** Instructions for the task **
Copy every line of the entries that includes the word "kgraph".

[Collected data entries]
Definition cylinder {k} {G : kgraph k} (p : FinPath G) (x : InfPath G) : Prop :=
  path_r x = fst p /\
  forall j, (j < length (snd p))%nat -> nth_error (snd p) j = Some (proj1_sig x j).

(* open sets of the topology generated by the cylinder sets (as subbasis) *)
Definition cylinder_open {k} {G : kgraph k} (U : InfPath G -> Prop) : Prop :=
  forall x, U x -> exists ps : list (FinPath G),
    Forall (fun p => is_fin_path G p /\ cylinder p x) ps /\
    forall z, Forall (fun p => cylinder p z) ps -> U z.

From Pilot Require Import Defs.
From Stdlib Require Import Reals List Arith Lia Lra Classical ClassicalEpsilon
  ProofIrrelevance FunctionalExtensionality.
Import ListNotations.
Open Scope R_scope.

(* Write W(l) = w_{y,theta}(l)^theta = e^{-theta y(l)} rho^{-d(l)} xi_{s(l)}.  For an edge e of
   colour i the eigenvector equation gives e^{-theta y(e)} xi_{s(e)} <= (B_i xi)_{r(e)}
   = rho_i xi_{r(e)}, i.e. W(e) <= xi_{r(e)}; peeling off edges via unique factorisation,
   W(l) <= xi_{r(l)} <= 1 for every l.  Hence w decreases along every infinite path and is
   at most 1, which makes d(x, z) = w(x /\ z) an ultrametric.  Under (w-I) or (w-II) some
   colour i has e^{-theta y(e)} / rho_i <= c < 1 on all its edges, and the first Nk edges of
   a path contain N edges of colour i, so w(x_1 ... x_{Nk}) <= c^{N/theta} -> 0.  Thus every
   ball around x contains a cylinder Z(x_1 ... x_n) and conversely, so the topologies agree. *)

Lemma exists_first_difference {A} (f g : nat -> A) j :
  f j <> g j -> exists n, (forall i, (i < n)%nat -> f i = g i) /\ f n <> g n.
Proof.
  induction j as [j IH] using (well_founded_induction lt_wf). intros Hj.
  destruct (classic (forall i, (i < j)%nat -> f i = g i)) as [Hagree|Hdiff].
  - exists j. split; assumption.
  - apply not_all_ex_not in Hdiff as [i Hi].
    apply imply_to_and in Hi as [Hij Hfg]. exact (IH i Hij Hfg).
Qed.

Fixpoint deg_size (m : nat -> nat) (k : nat) : nat :=
  match k with
  | O => O
  | S k' => (deg_size m k' + m k')%nat
  end.

Lemma deg_size_le (m' m : nat -> nat) k :
  (forall t, (t < k)%nat -> (m' t <= m t)%nat) -> (deg_size m' k <= deg_size m k)%nat.
Proof.
  induction k as [|k IH]; intros Hle; simpl; [lia|].
  specialize (IH (fun t Ht => Hle t ltac:(lia))). specialize (Hle k ltac:(lia)). lia.
Qed.

Lemma deg_size_lt (m' m : nat -> nat) k j :
  (forall t, (t < k)%nat -> (m' t <= m t)%nat) -> (j < k)%nat -> (m' j < m j)%nat ->
  (deg_size m' k < deg_size m k)%nat.
Proof.
  induction k as [|k IH]; intros Hle Hj Hlt; simpl; [lia|].
  assert (Hk := Hle k ltac:(lia)).
  destruct (Nat.eq_dec j k) as [->|Hne].
  - pose proof (deg_size_le m' m k (fun t Ht => Hle t ltac:(lia))). lia.
  - specialize (IH (fun t Ht => Hle t ltac:(lia)) ltac:(lia) Hlt). lia.
Qed.

Lemma e_supported k i : (i < k)%nat -> supported k (e_ i).
Proof. intros Hi t Ht. unfold e_. destruct (Nat.eqb_spec t i); lia. Qed.

Lemma rho_pow_neg_ext rho m n k :
  (forall j, (j < k)%nat -> m j = n j) -> rho_pow_neg rho m k = rho_pow_neg rho n k.
Proof.
  induction k as [|k IH]; intros H; simpl; [reflexivity|].
  rewrite IH by (intros; apply H; lia). rewrite H by lia. reflexivity.
Qed.

Lemma rho_pow_neg_zero rho k : rho_pow_neg rho deg_zero k = 1.
Proof.
  induction k as [|k IH]; simpl; [reflexivity|].
  rewrite IH. unfold deg_zero. simpl. rewrite Rinv_1. ring.
Qed.

Lemma rho_pow_neg_add rho m n k :
  rho_pow_neg rho (deg_add m n) k = rho_pow_neg rho m k * rho_pow_neg rho n k.
Proof.
  induction k as [|k IH]; simpl; [ring|].
  rewrite IH. unfold deg_add. rewrite pow_add, Rinv_mult. ring.
Qed.

Lemma rho_pow_neg_pos rho m k :
  (forall j, (j < k)%nat -> 0 < rho j) -> 0 < rho_pow_neg rho m k.
Proof.
  induction k as [|k IH]; intros H; simpl; [lra|].
  apply Rmult_lt_0_compat; [apply IH; intros; apply H; lia|].
  apply Rinv_0_lt_compat, pow_lt, H. lia.
Qed.
(* Let $n\ge3$ be an integer, $a\ge1$ real, and $x_0\in(0,\pi)$ with $S_{n,a}(x_0)=S_{n-2,a}(x_0)$. Then $a=1$ and $\phi_n(x_0)=0$.
   Context: For a real number $a$ and integers $0\le m$, $\binom{m+a}{m}=\frac{(a+1)(a+2)\cdots(a+m)}{m!}$ (equal to $1$ when $m=0$). For an integer $n\ge1$, $S_{n,a}(x)=\sum_{j=1}^n\binom{n+a-j}{n-j}\sin(jx)$, and $\phi_n(x)=2\sum_{j=1}^{n-1}\sin(jx)+\sin(nx)$. *)

From Stdlib Require Import Reals Arith Factorial.
Open Scope R_scope.

(* gbinom a m = binom(m+a, m) = (a+1)(a+2)...(a+m)/m!  (= 1 when m = 0) *)
Fixpoint rising_prod (a : R) (m : nat) : R :=
  match m with
  | O => 1
  | S k => rising_prod a k * (a + INR (S k))
  end.

Definition gbinom (a : R) (m : nat) : R := rising_prod a m / INR (fact m).

Fixpoint sum1 (n : nat) (f : nat -> R) : R :=
  match n with
  | O => 0
  | S k => sum1 k f + f (S k)
  end.

Definition S_na (n : nat) (a x : R) : R :=
  sum1 n (fun j => gbinom a (n - j)%nat * sin (INR j * x)).

Definition phi (n : nat) (x : R) : R :=
  2 * sum1 (n - 1)%nat (fun j => sin (INR j * x)) + sin (INR n * x).

(* Two applications of Pascal's rule [C_a(m+1) = C_a(m) + C_{a-1}(m+1)] rewrite
   S_{n,a}(x) as a convolution of the coefficients C_{a-2}, which are
   nonnegative for a >= 1, with the iterated partial sums of sin(jx).  The
   difference S_{n,a} - S_{n-2,a} then becomes
   sum_{k=1}^n C_{a-2}(n-k) (D_k(x) + D_{k-1}(x)) with D_k(x) = sum_{j<=k} sin(jx),
   and 2 sin(x/2) (D_k + D_{k-1}) = 2 cos(x/2) (1 - cos(kx)) >= 0 on (0, pi).
   All terms therefore vanish: the term k = 1 is C_{a-2}(n-1) sin x, which is
   positive unless a = 1, and the term k = n is phi_n(x). *)
From Stdlib Require Import Reals Lra Lia Arith Factorial.
Open Scope R_scope.

Lemma sum1_S n f : sum1 (S n) f = sum1 n f + f (S n).
Proof. reflexivity. Qed.

Lemma sum1_ext n f g :
  (forall j, (1 <= j <= n)%nat -> f j = g j) -> sum1 n f = sum1 n g.
Proof.
  induction n as [|n IH]; intros Hfg; [reflexivity|].
  rewrite !sum1_S, IH, Hfg; [reflexivity|lia|intros; apply Hfg; lia].
Qed.

Lemma sum1_plus n f g : sum1 n (fun j => f j + g j) = sum1 n f + sum1 n g.
Proof. induction n as [|n IH]; simpl; [ring|rewrite IH; ring]. Qed.

Lemma sum1_minus n f g : sum1 n (fun j => f j - g j) = sum1 n f - sum1 n g.
Proof. induction n as [|n IH]; simpl; [ring|rewrite IH; ring]. Qed.

Lemma sum1_shift n g : sum1 (S n) g = g 1%nat + sum1 n (fun i => g (S i)).
Proof.
  induction n as [|n IH]; [simpl; ring|].
  rewrite sum1_S, IH, sum1_S; ring.
Qed.

Lemma sum1_ge0 n g : (forall j, 0 <= g j) -> 0 <= sum1 n g.
Proof.
  intros Hg; induction n as [|n IH]; simpl; [lra|].
  specialize (Hg (S n)); lra.
Qed.

Lemma sum1_ge_first_last n g :
  (forall j, 0 <= g j) -> g 1%nat + g (S (S n)) <= sum1 (S (S n)) g.
Proof.
  intros Hg.
  rewrite sum1_S, sum1_shift.
  pose proof (sum1_ge0 n (fun i => g (S i)) (fun i => Hg (S i))); lra.
Qed.

Lemma sum1_convolution_partial_sums (b c f : nat -> R) :
  c 0%nat = b 0%nat -> (forall m, c (S m) = c m + b (S m)) ->
  forall n, sum1 n (fun j => c (n - j)%nat * f j)
          = sum1 n (fun i => b (n - i)%nat * sum1 i f).
Proof.
  intros Hc0 HcS n; induction n as [|n IH]; [reflexivity|].
  set (X := sum1 (S n) (fun j => b (S n - j)%nat * f j)).
  assert (Hl : sum1 (S n) (fun j => c (S n - j)%nat * f j)
               = sum1 n (fun j => c (n - j)%nat * f j) + X).
  { unfold X; rewrite !sum1_S, !Nat.sub_diag, Hc0.
    rewrite (sum1_ext n _ (fun j => c (n - j)%nat * f j + b (S n - j)%nat * f j)).
    - rewrite sum1_plus; ring.
    - intros j Hj; replace (S n - j)%nat with (S (n - j)) by lia; rewrite HcS; ring. }
  assert (Hr : sum1 (S n) (fun i => b (S n - i)%nat * sum1 i f)
               = sum1 n (fun i => b (n - i)%nat * sum1 i f) + X).
  { unfold X; rewrite !sum1_shift; simpl Nat.sub.
    replace (n - 0)%nat with n by lia.
    rewrite (sum1_ext n _ (fun i => b (n - i)%nat * sum1 i f + b (n - i)%nat * f (S i)))
      by (intros; rewrite sum1_S; ring).
    rewrite sum1_plus; simpl sum1 at 1; ring. }
  rewrite Hl, Hr, IH; reflexivity.
Qed.

Lemma rising_prod_pred_S c m : rising_prod (c - 1) (S m) = c * rising_prod c m.
Proof.
  induction m as [|m IH]; [simpl; ring|].
  change (rising_prod (c - 1) (S m) * (c - 1 + INR (S (S m)))
          = c * (rising_prod c m * (c + INR (S m)))).
  rewrite IH, (S_INR (S m)); ring.
Qed.

Lemma rising_prod_ge0 c k : -1 <= c -> 0 <= rising_prod c k.
Proof.
  intros Hc; induction k as [|k IH]; simpl rising_prod; [lra|].
  pose proof (le_INR 1 (S k) ltac:(lia)); simpl INR in *.
  apply Rmult_le_pos; lra.
Qed.

Lemma rising_prod_gt0 c k : -1 < c -> 0 < rising_prod c k.
Proof.
  intros Hc; induction k as [|k IH]; simpl rising_prod; [lra|].
  pose proof (le_INR 1 (S k) ltac:(lia)); simpl INR in *.
  apply Rmult_lt_0_compat; lra.
Qed.

Lemma gbinom_0 c : gbinom c 0 = 1.
Proof. unfold gbinom; simpl; field. Qed.

Lemma gbinom_pascal c m : gbinom c (S m) = gbinom c m + gbinom (c - 1) (S m).
Proof.
  unfold gbinom; rewrite rising_prod_pred_S.
  change (rising_prod c (S m)) with (rising_prod c m * (c + INR (S m))).
  change (fact (S m)) with (S m * fact m)%nat; rewrite mult_INR.
  assert (INR (fact m) <> 0) by (apply not_0_INR, fact_neq_0).
  assert (INR (S m) <> 0) by (apply not_0_INR; lia).
  field; auto.
Qed.

Lemma INR_fact_inv_gt0 m : 0 < / INR (fact m).
Proof. apply Rinv_0_lt_compat, lt_0_INR, lt_O_fact. Qed.

Lemma gbinom_ge0 c m : -1 <= c -> 0 <= gbinom c m.
Proof.
  intros Hc; unfold gbinom.
  apply Rmult_le_pos; [apply rising_prod_ge0, Hc | left; apply INR_fact_inv_gt0].
Qed.

Lemma gbinom_pred_S_gt0 c m : 0 < c -> 0 < gbinom (c - 1) (S m).
Proof.
  intros Hc; unfold gbinom; rewrite rising_prod_pred_S.
  apply Rmult_lt_0_compat; [|apply INR_fact_inv_gt0].
  apply Rmult_lt_0_compat; [lra | apply rising_prod_gt0; lra].
Qed.

Definition sin_sum (x : R) (k : nat) : R := sum1 k (fun j => sin (INR j * x)).

Definition cum_sin_sum (x : R) (k : nat) : R := sum1 k (sin_sum x).

Lemma sin_sum_closed x k :
  2 * sin (x / 2) * sin_sum x k = cos (x / 2) - cos ((INR k + / 2) * x).
Proof.
  induction k as [|k IH].
  - unfold sin_sum; simpl; replace ((0 + / 2) * x) with (x / 2) by field; ring.
  - unfold sin_sum in *; rewrite sum1_S, Rmult_plus_distr_l, IH, S_INR.
    replace ((INR k + / 2) * x) with ((INR k + 1) * x - x / 2) by field.
    replace ((INR k + 1 + / 2) * x) with ((INR k + 1) * x + x / 2) by field.
    rewrite cos_minus, cos_plus; ring.
Qed.

Lemma sin_sum_pair_ge0 x k : 0 < x < PI -> 0 <= sin_sum x k + sin_sum x (k - 1).
Proof.
  intros [Hx0 HxPI].
  destruct k as [|k]; [unfold sin_sum; simpl; lra|].
  replace (S k - 1)%nat with k by lia.
  assert (Hs : 0 < sin (x / 2)) by (apply sin_gt_0; lra).
  assert (Hc : 0 < cos (x / 2)) by (apply cos_gt_0; lra).
  assert (E : 2 * sin (x / 2) * (sin_sum x (S k) + sin_sum x k)
              = 2 * cos (x / 2) * (1 - cos ((INR k + 1) * x))).
  { rewrite Rmult_plus_distr_l, !sin_sum_closed, S_INR.
    replace ((INR k + / 2) * x) with ((INR k + 1) * x - x / 2) by field.
    replace ((INR k + 1 + / 2) * x) with ((INR k + 1) * x + x / 2) by field.
    rewrite cos_minus, cos_plus; ring. }
  pose proof (COS_bound ((INR k + 1) * x)) as [_ Hcos].
  assert (0 <= 2 * sin (x / 2) * (sin_sum x (S k) + sin_sum x k))
    by (rewrite E; apply Rmult_le_pos; lra).
  nra.
Qed.

Lemma phi_sin_sum n x : phi (S n) x = sin_sum x (S n) + sin_sum x n.
Proof.
  unfold phi, sin_sum; replace (S n - 1)%nat with n by lia.
  rewrite sum1_S; ring.
Qed.

Lemma S_na_cum_sin_sum n a x :
  S_na n a x = sum1 n (fun k => gbinom (a - 2) (n - k)%nat * cum_sin_sum x k).
Proof.
  unfold S_na, cum_sin_sum.
  replace (a - 2) with (a - 1 - 1) by ring.
  rewrite (sum1_convolution_partial_sums (gbinom (a - 1)) (gbinom a));
    [| now rewrite !gbinom_0 | intros; apply gbinom_pascal].
  apply sum1_convolution_partial_sums;
    [now rewrite !gbinom_0 | intros; apply gbinom_pascal].
Qed.

(* [cum_sin_sum x k - cum_sin_sum x (k - 2)] telescopes to
   [sin_sum x k + sin_sum x (k - 1)], also for [k = 1, 2]. *)
Lemma S_na_SS_minus n a x :
  S_na (S (S n)) a x - S_na n a x
  = sum1 (S (S n)) (fun k => gbinom (a - 2) (S (S n) - k)%nat
                              * (sin_sum x k + sin_sum x (k - 1))).
Proof.
  rewrite !S_na_cum_sin_sum, !(sum1_shift (S n)), !(sum1_shift n); simpl Nat.sub.
  replace (n - 0)%nat with n by lia.
  replace (sin_sum x 0) with 0 by reflexivity.
  replace (cum_sin_sum x 1) with (sin_sum x 1) by (unfold cum_sin_sum; simpl; ring).
  replace (cum_sin_sum x 2) with (sin_sum x 2 + sin_sum x 1)
    by (unfold cum_sin_sum; simpl; ring).
  rewrite (sum1_ext n
             (fun i => gbinom (a - 2) (n - i) * (sin_sum x (S (S i)) + sin_sum x (S i)))
             (fun i => gbinom (a - 2) (n - i) * cum_sin_sum x (S (S i))
                       - gbinom (a - 2) (n - i) * cum_sin_sum x i))
    by (intros; unfold cum_sin_sum; rewrite !sum1_S; ring).
  rewrite sum1_minus; ring.
Qed.

Theorem mainTheorem5 (n : nat) (a x0 : R) :
  (3 <= n)%nat -> 1 <= a -> 0 < x0 -> x0 < PI ->
  S_na n a x0 = S_na (n - 2)%nat a x0 ->
  a = 1 /\ phi n x0 = 0.
Proof.
  intros Hn Ha Hx0 HxPI HS.
  destruct n as [|[|[|p]]]; try lia.
  replace (S (S (S p)) - 2)%nat with (S p) in HS by lia.
  assert (Hdiff := S_na_SS_minus (S p) a x0); rewrite HS, Rminus_diag in Hdiff.
  assert (Hb : forall m, 0 <= gbinom (a - 2) m) by (intros; apply gbinom_ge0; lra).
  assert (Hbound := sum1_ge_first_last (S p)
    (fun k => gbinom (a - 2) (S (S (S p)) - k) * (sin_sum x0 k + sin_sum x0 (k - 1)))
    (fun k => Rmult_le_pos _ _ (Hb _) (sin_sum_pair_ge0 x0 k (conj Hx0 HxPI)))).
  rewrite <- Hdiff in Hbound; cbv beta in Hbound; simpl Nat.sub in Hbound.
  rewrite Nat.sub_diag, gbinom_0, Rmult_1_l, <- (phi_sin_sum (S (S p))) in Hbound.
  replace (sin_sum x0 1 + sin_sum x0 0) with (sin x0) in Hbound
    by (unfold sin_sum; simpl; rewrite Rmult_1_l; ring).
  assert (Hsin : 0 < sin x0) by (apply sin_gt_0; lra).
  assert (Hphi : 0 <= phi (S (S (S p))) x0)
    by (rewrite phi_sin_sum; apply (sin_sum_pair_ge0 x0 (S (S (S p)))); lra).
  assert (Hfirst : 0 <= gbinom (a - 2) (S (S p)) * sin x0)
    by (apply Rmult_le_pos; [apply Hb | lra]).
  destruct (Rle_lt_or_eq_dec 1 a Ha) as [Ha1 | <-]; [exfalso | split; [reflexivity | lra]].
  pose proof (gbinom_pred_S_gt0 (a - 1) (S p) ltac:(lra)) as Hpos.
  replace (a - 1 - 1) with (a - 2) in Hpos by ring.
  nra.
Qed.
Lemma majorizesP u v : majorizes u v <->
  \sum_i u i = \sum_i v i /\ forall t, excess v t <= excess u t.
Proof.
have ge_sorted_nth (s : seq R) i j : sorted >=%R s -> (i <= j < size s)%N -> s`_j <= s`_i.
  move=> s_sorted /andP[ij js].
  by apply: (sorted_leq_nth (rev_trans le_trans) lexx) => //; rewrite inE (leq_ltn_trans ij).
split=> [[sum_eq top] | [sum_eq dom]]; split=> //; [move=> t | move=> m mn].
  set s := sort_desc v; set m := find (< t) s.
  have mn : (m <= n)%N by rewrite -(size_sort_desc v) find_size.
  rewrite -sum_sort_desc_pos (@sum_pos_sorted _ _ m _ (sort_desc_sorted v)) ?size_sort_desc //.
  - rewrite -sum_sort_desc_pos lerBlDr (le_trans (top m mn)) //.
    by rewrite addrC sum_take_le_pos ?size_sort_desc.
  - by move=> i /(before_find 0) /negbT; rewrite -leNgt.
  - move=> mlt; have has_lt : has (< t) s by rewrite has_find size_sort_desc.
    exact: ltW (nth_find 0 has_lt).
case: m mn => [|m] mn; first by rewrite !take0 !big_nil.
set s := sort_desc u; pose t := s`_m.
have ms : (m.+1 <= size s)%N by rewrite size_sort_desc.
apply: le_trans (sum_take_le_pos t _) _; first by rewrite size_sort_desc.
rewrite sum_sort_desc_pos -lerBrDl (le_trans (dom t)) // -sum_sort_desc_pos.
rewrite (sum_pos_sorted (sort_desc_sorted u) ms) // => [i im | ms'].
  by apply: ge_sorted_nth; rewrite ?sort_desc_sorted // -ltnS im.
by apply: ge_sorted_nth; rewrite ?sort_desc_sorted ?leqnSn.
Qed.

Lemma game_step_dim_gt0 y y' : game_step y y' -> (0 < n)%N.
Proof. by case=> p [a [[p_gt0 pn _ _] _]]; apply: leq_trans p_gt0 pn. Qed.

Lemma game_step_sum y y' : game_step y y' -> \sum_i y' i = \sum_i y i.
Proof.
case=> p [a [[_ _ _ sum_a] [S [cardS _ y'E]]]].
by rewrite (eq_bigr _ (fun i _ => y'E i)) sumrB big_split /= sum_a sumr_indicator cardS addrK.
Qed.

Lemma game_step_moves_toward y y' : game_step y y' -> exists lo, moves_toward lo y y'.
Proof.
case=> p [a [[p_gt0 _ a01 _] [S [cardS greedy y'E]]]].
have [i0 i0S] : exists i0, i0 \in S by apply/set0Pn; rewrite -card_gt0 cardS.
have [i1 i1S min_i1] := @arg_minP _ R _ i0 (mem S) (fun i => y i + a i) i0S.
exists (y i1 + a i1 - 1) => k; have [a0 a1] := a01 k; rewrite y'E.
case: (boolP (k \in S)) => kS.
  by have := min_i1 k kS; left; rewrite mulr1n; apply/andP; split; lra.
by have := greedy i1 k i1S kS; right; rewrite mulr0n; apply/andP; split; lra.
Qed.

** Expected answer **
Definition cylinder {k} {G : kgraph k} (p : FinPath G) (x : InfPath G) : Prop :=
Definition cylinder_open {k} {G : kgraph k} (U : InfPath G -> Prop) : Prop :=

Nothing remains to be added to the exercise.